--- PROVIDED INFORMATION Enclosed Below ---

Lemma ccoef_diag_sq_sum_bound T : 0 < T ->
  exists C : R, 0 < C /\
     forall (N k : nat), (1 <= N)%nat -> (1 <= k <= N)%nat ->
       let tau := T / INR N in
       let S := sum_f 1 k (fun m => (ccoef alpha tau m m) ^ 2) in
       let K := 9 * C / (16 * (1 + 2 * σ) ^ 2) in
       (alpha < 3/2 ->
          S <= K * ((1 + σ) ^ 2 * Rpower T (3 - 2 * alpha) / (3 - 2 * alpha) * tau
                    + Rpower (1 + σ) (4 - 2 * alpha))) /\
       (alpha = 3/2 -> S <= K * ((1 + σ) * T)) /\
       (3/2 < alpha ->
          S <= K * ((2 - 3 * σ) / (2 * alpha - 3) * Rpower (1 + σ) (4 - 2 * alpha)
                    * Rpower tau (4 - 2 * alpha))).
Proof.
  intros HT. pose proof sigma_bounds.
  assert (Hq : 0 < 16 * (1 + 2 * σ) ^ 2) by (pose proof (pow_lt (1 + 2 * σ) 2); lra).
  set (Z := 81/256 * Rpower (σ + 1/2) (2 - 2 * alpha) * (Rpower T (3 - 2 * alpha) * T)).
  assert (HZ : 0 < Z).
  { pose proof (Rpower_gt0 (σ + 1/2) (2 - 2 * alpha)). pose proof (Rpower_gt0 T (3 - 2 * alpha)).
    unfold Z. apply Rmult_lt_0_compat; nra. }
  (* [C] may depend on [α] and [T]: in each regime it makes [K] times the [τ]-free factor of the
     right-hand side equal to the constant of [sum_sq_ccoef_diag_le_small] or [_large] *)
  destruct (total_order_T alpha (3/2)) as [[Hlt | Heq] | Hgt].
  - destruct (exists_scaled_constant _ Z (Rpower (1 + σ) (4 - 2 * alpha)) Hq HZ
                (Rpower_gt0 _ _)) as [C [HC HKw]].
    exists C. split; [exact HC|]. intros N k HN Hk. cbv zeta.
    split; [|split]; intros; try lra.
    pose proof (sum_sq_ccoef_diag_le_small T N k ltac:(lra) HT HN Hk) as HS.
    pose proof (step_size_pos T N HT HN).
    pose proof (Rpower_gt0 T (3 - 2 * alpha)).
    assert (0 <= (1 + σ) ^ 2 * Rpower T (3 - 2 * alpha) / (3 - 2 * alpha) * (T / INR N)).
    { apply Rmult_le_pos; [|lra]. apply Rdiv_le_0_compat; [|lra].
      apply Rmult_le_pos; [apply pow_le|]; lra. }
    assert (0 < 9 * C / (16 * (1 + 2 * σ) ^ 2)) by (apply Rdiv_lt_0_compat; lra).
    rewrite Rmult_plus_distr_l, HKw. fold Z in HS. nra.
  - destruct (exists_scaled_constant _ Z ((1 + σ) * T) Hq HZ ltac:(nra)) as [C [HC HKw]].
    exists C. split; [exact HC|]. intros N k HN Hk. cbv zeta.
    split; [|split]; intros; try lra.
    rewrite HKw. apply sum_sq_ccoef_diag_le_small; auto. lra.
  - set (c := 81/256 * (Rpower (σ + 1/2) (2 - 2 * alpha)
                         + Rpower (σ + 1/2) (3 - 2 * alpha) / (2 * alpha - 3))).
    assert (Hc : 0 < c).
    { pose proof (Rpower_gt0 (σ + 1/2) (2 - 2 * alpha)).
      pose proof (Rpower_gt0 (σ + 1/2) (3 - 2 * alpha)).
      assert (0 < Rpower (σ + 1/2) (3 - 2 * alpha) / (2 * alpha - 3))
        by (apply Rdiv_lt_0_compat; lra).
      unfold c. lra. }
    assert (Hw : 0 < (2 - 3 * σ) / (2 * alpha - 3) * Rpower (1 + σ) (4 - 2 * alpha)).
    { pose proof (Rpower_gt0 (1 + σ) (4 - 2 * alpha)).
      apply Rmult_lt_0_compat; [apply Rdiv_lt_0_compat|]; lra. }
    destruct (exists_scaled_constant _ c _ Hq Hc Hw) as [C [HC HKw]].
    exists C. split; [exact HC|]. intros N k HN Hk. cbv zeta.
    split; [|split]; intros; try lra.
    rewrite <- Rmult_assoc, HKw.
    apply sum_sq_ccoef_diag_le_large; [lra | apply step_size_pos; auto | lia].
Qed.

--- End of Enclosed PROVIDED INFORMATION ---
--- PROVIDED INFORMATION Enclosed Below ---

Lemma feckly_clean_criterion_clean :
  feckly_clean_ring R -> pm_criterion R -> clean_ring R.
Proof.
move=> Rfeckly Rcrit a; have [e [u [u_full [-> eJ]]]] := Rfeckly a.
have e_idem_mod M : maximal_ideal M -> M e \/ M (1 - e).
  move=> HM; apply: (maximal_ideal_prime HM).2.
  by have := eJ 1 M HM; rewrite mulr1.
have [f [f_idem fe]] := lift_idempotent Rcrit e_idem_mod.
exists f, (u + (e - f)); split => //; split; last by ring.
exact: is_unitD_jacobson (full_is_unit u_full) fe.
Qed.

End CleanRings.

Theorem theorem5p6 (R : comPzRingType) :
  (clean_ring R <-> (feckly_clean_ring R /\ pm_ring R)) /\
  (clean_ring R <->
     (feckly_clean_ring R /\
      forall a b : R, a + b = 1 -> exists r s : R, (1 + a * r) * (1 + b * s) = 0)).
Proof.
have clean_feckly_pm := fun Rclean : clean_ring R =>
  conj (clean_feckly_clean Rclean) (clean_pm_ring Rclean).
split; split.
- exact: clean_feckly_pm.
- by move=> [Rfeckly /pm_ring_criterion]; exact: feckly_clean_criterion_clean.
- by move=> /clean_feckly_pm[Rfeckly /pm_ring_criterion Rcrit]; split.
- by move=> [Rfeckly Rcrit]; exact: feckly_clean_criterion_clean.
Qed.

--- End of Enclosed PROVIDED INFORMATION ---

Transcribe, exactly and without additions, the lines of the records above, beginning with the line that contains "unfold Z. apply" and ending with the line that contains "proof (Rpower_gt0 (1", both included.

    unfold Z. apply Rmult_lt_0_compat; nra. }
  (* [C] may depend on [α] and [T]: in each regime it makes [K] times the [τ]-free factor of the
     right-hand side equal to the constant of [sum_sq_ccoef_diag_le_small] or [_large] *)
  destruct (total_order_T alpha (3/2)) as [[Hlt | Heq] | Hgt].
  - destruct (exists_scaled_constant _ Z (Rpower (1 + σ) (4 - 2 * alpha)) Hq HZ
                (Rpower_gt0 _ _)) as [C [HC HKw]].
    exists C. split; [exact HC|]. intros N k HN Hk. cbv zeta.
    split; [|split]; intros; try lra.
    pose proof (sum_sq_ccoef_diag_le_small T N k ltac:(lra) HT HN Hk) as HS.
    pose proof (step_size_pos T N HT HN).
    pose proof (Rpower_gt0 T (3 - 2 * alpha)).
    assert (0 <= (1 + σ) ^ 2 * Rpower T (3 - 2 * alpha) / (3 - 2 * alpha) * (T / INR N)).
    { apply Rmult_le_pos; [|lra]. apply Rdiv_le_0_compat; [|lra].
      apply Rmult_le_pos; [apply pow_le|]; lra. }
    assert (0 < 9 * C / (16 * (1 + 2 * σ) ^ 2)) by (apply Rdiv_lt_0_compat; lra).
    rewrite Rmult_plus_distr_l, HKw. fold Z in HS. nra.
  - destruct (exists_scaled_constant _ Z ((1 + σ) * T) Hq HZ ltac:(nra)) as [C [HC HKw]].
    exists C. split; [exact HC|]. intros N k HN Hk. cbv zeta.
    split; [|split]; intros; try lra.
    rewrite HKw. apply sum_sq_ccoef_diag_le_small; auto. lra.
  - set (c := 81/256 * (Rpower (σ + 1/2) (2 - 2 * alpha)
                         + Rpower (σ + 1/2) (3 - 2 * alpha) / (2 * alpha - 3))).
    assert (Hc : 0 < c).
    { pose proof (Rpower_gt0 (σ + 1/2) (2 - 2 * alpha)).
      pose proof (Rpower_gt0 (σ + 1/2) (3 - 2 * alpha)).
      assert (0 < Rpower (σ + 1/2) (3 - 2 * alpha) / (2 * alpha - 3))
        by (apply Rdiv_lt_0_compat; lra).
      unfold c. lra. }
    assert (Hw : 0 < (2 - 3 * σ) / (2 * alpha - 3) * Rpower (1 + σ) (4 - 2 * alpha)).
    { pose proof (Rpower_gt0 (1 + σ) (4 - 2 * alpha)).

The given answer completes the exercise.